If you have problems with the backup or restore process, the following sections might help you to troubleshoot the issue.

If you need additional assistance, reach out to Google Support.

Running out of memory during a backup or restore

You might receive error messages during the backup or restore process that aren't very self-explanatory or clear on next steps. If the workstation where you run the bmctl command run doesn't have a lot of RAM, you might have insufficient memory to perform the backup or restore process.

Google Distributed Cloud version 1.13 and later can use the --use-disk parameter in the backup command. To preserve the file permissions, this parameter modifies permissions of the files, so it requires the user that runs the command to be a root user (or use sudo).

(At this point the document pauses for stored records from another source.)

Lemma sqr_min_nonzero_sv_le_eigen (u : 'rV[C]_l) (lam : C) :
  u *m (adjmx X *m X) = lam *: u -> X *m adjmx u != 0 -> (sigma ^+ 2)%:C%C <= lam.
Proof.
case: X_sigma => sigma_gt0 _ sigma_min u_eigen Xu0; set z := adjmx u in Xu0.
have z0 : z != 0 by apply: contra_neq Xu0 => ->; rewrite mulmx0.
have u0 : u != 0 by apply: contra_neq z0 => u0; rewrite /z u0 adjmx0.
have gram_z : adjmx X *m X *m z = Num.conj lam *: z.
  have gram_adj : adjmx (adjmx X *m X) = adjmx X *m X by rewrite adjmx_mul adjmxK.
  by rewrite /z -{1}gram_adj -adjmx_mul u_eigen adjmxZ.
have conj_lam_gt0 : 0 < Num.conj lam.
  rewrite -(pmulr_lgt0 _ (hdot_gt0 z0)) -hdotZr -gram_z -mulmxA -hdot_mulmxl.
  exact: hdot_gt0.
have lam_gt0 : 0 < lam by rewrite -[lam]conjCK geC0_conj // ltW.
have /complex_realP [a lam_a] := gtr0_real lam_gt0.
have a_gt0 : 0 < a by rewrite -ltcR -lam_a.
have sv_a : singular_value X (Num.sqrt a).
  split; first exact: sqrtr_ge0.
  by apply/eigenvalueP; exists u; rewrite // sqr_sqrtr ?ltW // -lam_a.
have sigma_le : sigma <= Num.sqrt a by apply: sigma_min sv_a; rewrite sqrtr_gt0.
rewrite lam_a lecR -(sqr_sqrtr (ltW a_gt0)).
exact: lerXn2r (ltW sigma_gt0) (sqrtr_ge0 a) sigma_le.
Qed.

(* In an eigenbasis of X^* X, x only has components along eigenvectors not
   killed by X, whose eigenvalues are at least sigma^2. *)
Lemma min_nonzero_sv_lower_bound (x : 'cV[C]_l) :
  (forall z, X *m z = 0 -> hdot z x = 0) ->
  sigma ^+ 2 * vnorm x ^+ 2 <= vnorm (X *m x) ^+ 2.
Proof.
move=> x_perp_ker; rewrite -lecR rmorphM /= -!hdot_vnorm.
set H := adjmx X *m X.
have H_normal : H \is normalmx.
  by apply/normalmxP; rewrite adjmx_sesqui /H adjmx_mul adjmxK.
have /orthomx_spectralP H_spectral := H_normal.
set U := spectralmx H in H_spectral; set d := spectral_diag H in H_spectral.
have U_unitary : U \is unitarymx := spectral_unitarymx H.
have adjU_U : adjmx U *m U = 1%:M.
  by apply: mulmx1C; rewrite -adjmx_sesqui; apply/unitarymxP.
have invU : invmx U = adjmx U by rewrite -adjmx_sesqui invmx_unitary.
have U_H : U *m H = diag_mx d *m U.
  by rewrite {1}H_spectral !mulmxA mulmxV ?spectral_unit // mul1mx.
set y := U *m x.
have hdot_y : hdot y y = \sum_i conjc (y i 0) * y i 0.
  by rewrite /hdot mxE; apply: eq_bigr => i _; rewrite !mxE.
have hdot_Xx : hdot (X *m x) (X *m x) = \sum_i d 0 i * (conjc (y i 0) * y i 0).
  rewrite hdot_mulmxl mulmxA -/H {1}H_spectral invU -!mulmxA hdot_mulmxr adjmxK.
  by rewrite -/y /hdot mxE; apply: eq_bigr => i _; rewrite mul_diag_mx !mxE; ring.
have -> : hdot x x = hdot y y by rewrite /y hdot_mulmxl mulmxA adjU_U mul1mx.
rewrite hdot_y hdot_Xx mulr_sumr; apply: ler_sum => i _.
have [->|yi0] := eqVneq (y i 0) 0; first by rewrite !mulr0.
apply: ler_wpM2r; first by rewrite conjc_mul_normc ler0c sqr_ge0.
apply: (sqr_min_nonzero_sv_le_eigen (row i U)).
  by rewrite -row_mul U_H row_mul row_diag_mx -scalemxAl -rowE.
apply: contra_neq yi0 => /x_perp_ker <-.
by rewrite /hdot adjmxK /y -row_mul [RHS]mxE.
Qed.

End SingularValues.

Lemma le_geometric_sum (F : realDomainType) (rho b : F) (a : nat -> F) :
  0 <= rho -> a 0%N <= 0 -> (forall j, a j.+1 <= rho * a j + b) ->
  forall k, a k <= (\sum_(i < k) rho ^+ i) * b.
Proof.
move=> rho_ge0 a0 a_rec; elim=> [|k IHk]; first by rewrite big_ord0 mul0r.
apply: (le_trans (a_rec k)).
rewrite big_ord_recl expr0 mulrDl mul1r [leRHS]addrC lerD2r.
under eq_bigr do rewrite lift0 exprS.
by rewrite -mulr_sumr -mulrA ler_wpM2l.
Qed.

Lemma geometric_sumE (F : fieldType) (rho : F) k : rho != 1 ->
  \sum_(i < k) rho ^+ i = (1 - rho ^+ k) / (1 - rho).
Proof.
move=> rho_neq1; have rho_sub1 : 1 - rho != 0 by rewrite subr_eq0 eq_sym.
apply: (mulIf rho_sub1); rewrite divfK // mulrC.
by rewrite -[1 - _ ^+ k]opprB subrX1 -mulNr opprB.
Qed.
Section Kaczmarz.
Context {R : rcfType} {m n : nat} {r : 'I_m -> nat}.
Variable A : forall j : 'I_m, 'M[R[i]]_(r j, n).
Local Notation C := (R[i]).
Local Notation Aa := (Astack A).

Definition Bmat (g : R) : 'M[C]_n := 1%:M - adjmx Aa *m Mmat A g *m Aa.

Missing permissions to files during restore

After a successful restore task, deleting bootstrap can fail with an error message similar to the following example:

Error: failed to restore node config files: sftp: "Failure" (SSH_FX_FAILURE)

This error could mean that some directories required by the restore aren't writable.

Google Distributed Cloud version 1.14 and later have more clear error messages on which directories must be writable. Make sure that the reported directories are writable, and update permissions on directories as needed.

Refresh of SSH key after a backup breaks the restore process

SSH-related operations during the restore process might fail if the SSH key is refreshed after backup was performed. In this case, the new SSH key becomes invalid for the restore process.

To resolve this issue, you can temporarily add the original SSH key back, then perform the restore. After the restore process is complete, you can rotate the SSH key.